[[ Material provided, beginning ]]
(* The posterior density: Z = (J_const r / PI) A(r), H = 2F1(1,1;3/2;r^2) = A(r). *)
Theorem mainTheorem7 (r : R) (hr : -1 < r < 1) :
  exists Z H : R,
    is_improper_int_R (fun x => p_C x * J_fun x 3 r 1) Z /\ Z <> 0 /\
    infinite_sum (hyp2F1_term 1 1 (3 / 2) (r ^ 2)) H /\
    (r <> 0 -> / H = r * sqrt (1 - r ^ 2) / asin r) /\
    (r = 0 -> / H = 1) /\
    (forall b : R, b <> 0 ->
       p_C b * J_fun b 3 r 1 / Z
       = / H * (1 / (1 + b ^ 2)) * (Rabs b / (b ^ 2 - 2 * r * b + 1))).
Proof.
  pose proof (arc_ratio_pos r hr) as HA. pose proof (J_const_pos r hr) as HK.
  assert (HPI : 0 < / PI) by apply Rinv_0_lt_compat, PI_RGT_0.
  exists (/ PI * J_const r * arc_ratio r), (arc_ratio r).
  split; [exact (normalizing_integral r hr)|].
  split; [apply Rgt_not_eq, Rmult_lt_0_compat; [apply Rmult_lt_0_compat|]; assumption|].
  split.
  { apply hyp2F1_integral; [split; [apply pow2_ge_0|nra]|].
    exact (is_RInt_hyp2F1_kernel r hr). }
  split; [exact (inv_arc_ratio r hr)|].
  split.
  { intros ->. unfold arc_ratio. destruct (Req_EM_T 0 0); [apply Rinv_1|contradiction]. }
  intros b Hb. rewrite posterior_numerator by exact hr.
  assert (0 < 1 + b ^ 2) by (pose proof (pow2_ge_0 b); lra).
  assert (0 < b ^ 2 - 2 * r * b + 1) by (pose proof (pow2_ge_0 (b - r)); nra).
  pose proof PI_RGT_0. field. repeat split; lra.
Qed.
(* Let $\mathcal{A}$ be a complex Banach algebra with identity, $\lambda$ a nonzero complex number, and $M = \begin{pmatrix} A & B \\ C & D \end{pmatrix} \in M_2(\mathcal{A})$ with $A, D \in \mathcal{A}^d$. If $$BD = \lambda A B D^\pi,\quad CA = \lambda D C A^\pi,\quad BC = 0,$$ then $M \in M_2(\mathcal{A})^d$ and $$M^d = \begin{pmatrix} A^d & 0 \\ 0 & D^d \end{pmatrix} + \sum_{n=0}^{\infty} (P^d)^{n+2} Q M^n,$$ where $P = \begin{pmatrix} A & 0 \\ 0 & D \end{pmatrix}$, $P^d = \begin{pmatrix} A^d & 0 \\ 0 & D^d \end{pmatrix}$ and $Q = \begin{pmatrix} 0 & B \\ C & 0 \end{pmatrix}$.
   Context: $M_2(\mathcal{A})$ is the Banach algebra of $2\times 2$ matrices over $\mathcal{A}$. An element $x$ of a Banach algebra has a generalized Drazin (g-Drazin) inverse $x^d$ if $x^d$ commutes with $x$, $x^d = x^dxx^d$ and $x - x^2x^d$ is quasinilpotent (i.e. $\lim\|y^n\|^{1/n}=0$ for $y=x-x^2x^d$); $\mathcal{A}^d$ (resp. $M_2(\mathcal{A})^d$) denotes the set of g-Drazin invertible elements. The spectral idempotent is $x^\pi = 1 - xx^d$. *)

From Stdlib Require Import Reals.
Open Scope R_scope.

Record Cpx := mkC { Re : R ; Im : R }.
Definition C0 : Cpx := mkC 0 0.
Definition C1 : Cpx := mkC 1 0.
Definition Cadd (a b : Cpx) : Cpx := mkC (Re a + Re b) (Im a + Im b).
Definition Cmul (a b : Cpx) : Cpx :=
  mkC (Re a * Re b - Im a * Im b) (Re a * Im b + Im a * Re b).
Definition Cmod (a : Cpx) : R := sqrt (Re a ^ 2 + Im a ^ 2).

Record BanachAlg := {
  carrier :> Type;
  zero : carrier;
  one : carrier;
  add : carrier -> carrier -> carrier;
  opp : carrier -> carrier;
  mul : carrier -> carrier -> carrier;
  scal : Cpx -> carrier -> carrier;
  norm : carrier -> R;
  add_assoc : forall x y z, add x (add y z) = add (add x y) z;
  add_comm : forall x y, add x y = add y x;
  add_zero_l : forall x, add zero x = x;
  add_opp_l : forall x, add (opp x) x = zero;
  mul_assoc : forall x y z, mul x (mul y z) = mul (mul x y) z;
  mul_one_l : forall x, mul one x = x;
  mul_one_r : forall x, mul x one = x;
  mul_add_l : forall x y z, mul (add x y) z = add (mul x z) (mul y z);
  mul_add_r : forall x y z, mul x (add y z) = add (mul x y) (mul x z);
  scal_add_c : forall a b x, scal (Cadd a b) x = add (scal a x) (scal b x);
  scal_add_x : forall a x y, scal a (add x y) = add (scal a x) (scal a y);
  scal_mul_c : forall a b x, scal (Cmul a b) x = scal a (scal b x);
  scal_one : forall x, scal C1 x = x;
  scal_mul_l : forall a x y, mul (scal a x) y = scal a (mul x y);
  scal_mul_r : forall a x y, mul x (scal a y) = scal a (mul x y);
  norm_nonneg : forall x, 0 <= norm x;
  norm_eq0 : forall x, norm x = 0 -> x = zero;
  norm_triangle : forall x y, norm (add x y) <= norm x + norm y;
  norm_scal : forall a x, norm (scal a x) = Cmod a * norm x;
  norm_submult : forall x y, norm (mul x y) <= norm x * norm y;
  norm_one : norm one = 1;
  complete : forall u : nat -> carrier,
    (forall eps, eps > 0 -> exists N, forall n m, (n >= N)%nat -> (m >= N)%nat ->
        norm (add (u n) (opp (u m))) < eps) ->
    exists l, Un_cv (fun n => norm (add (u n) (opp l))) 0
}.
[[ Material provided, end ]]
Problem description: Using the data above, transcribe the lines that run from the line with "add_comm : forall x y, add x y = add y x;" to the line with "mul_one_r : forall x, mul x one = x;", both ends kept, and output nothing else.

Response to this task:
  add_comm : forall x y, add x y = add y x;
  add_zero_l : forall x, add zero x = x;
  add_opp_l : forall x, add (opp x) x = zero;
  mul_assoc : forall x y z, mul x (mul y z) = mul (mul x y) z;
  mul_one_l : forall x, mul one x = x;
  mul_one_r : forall x, mul x one = x;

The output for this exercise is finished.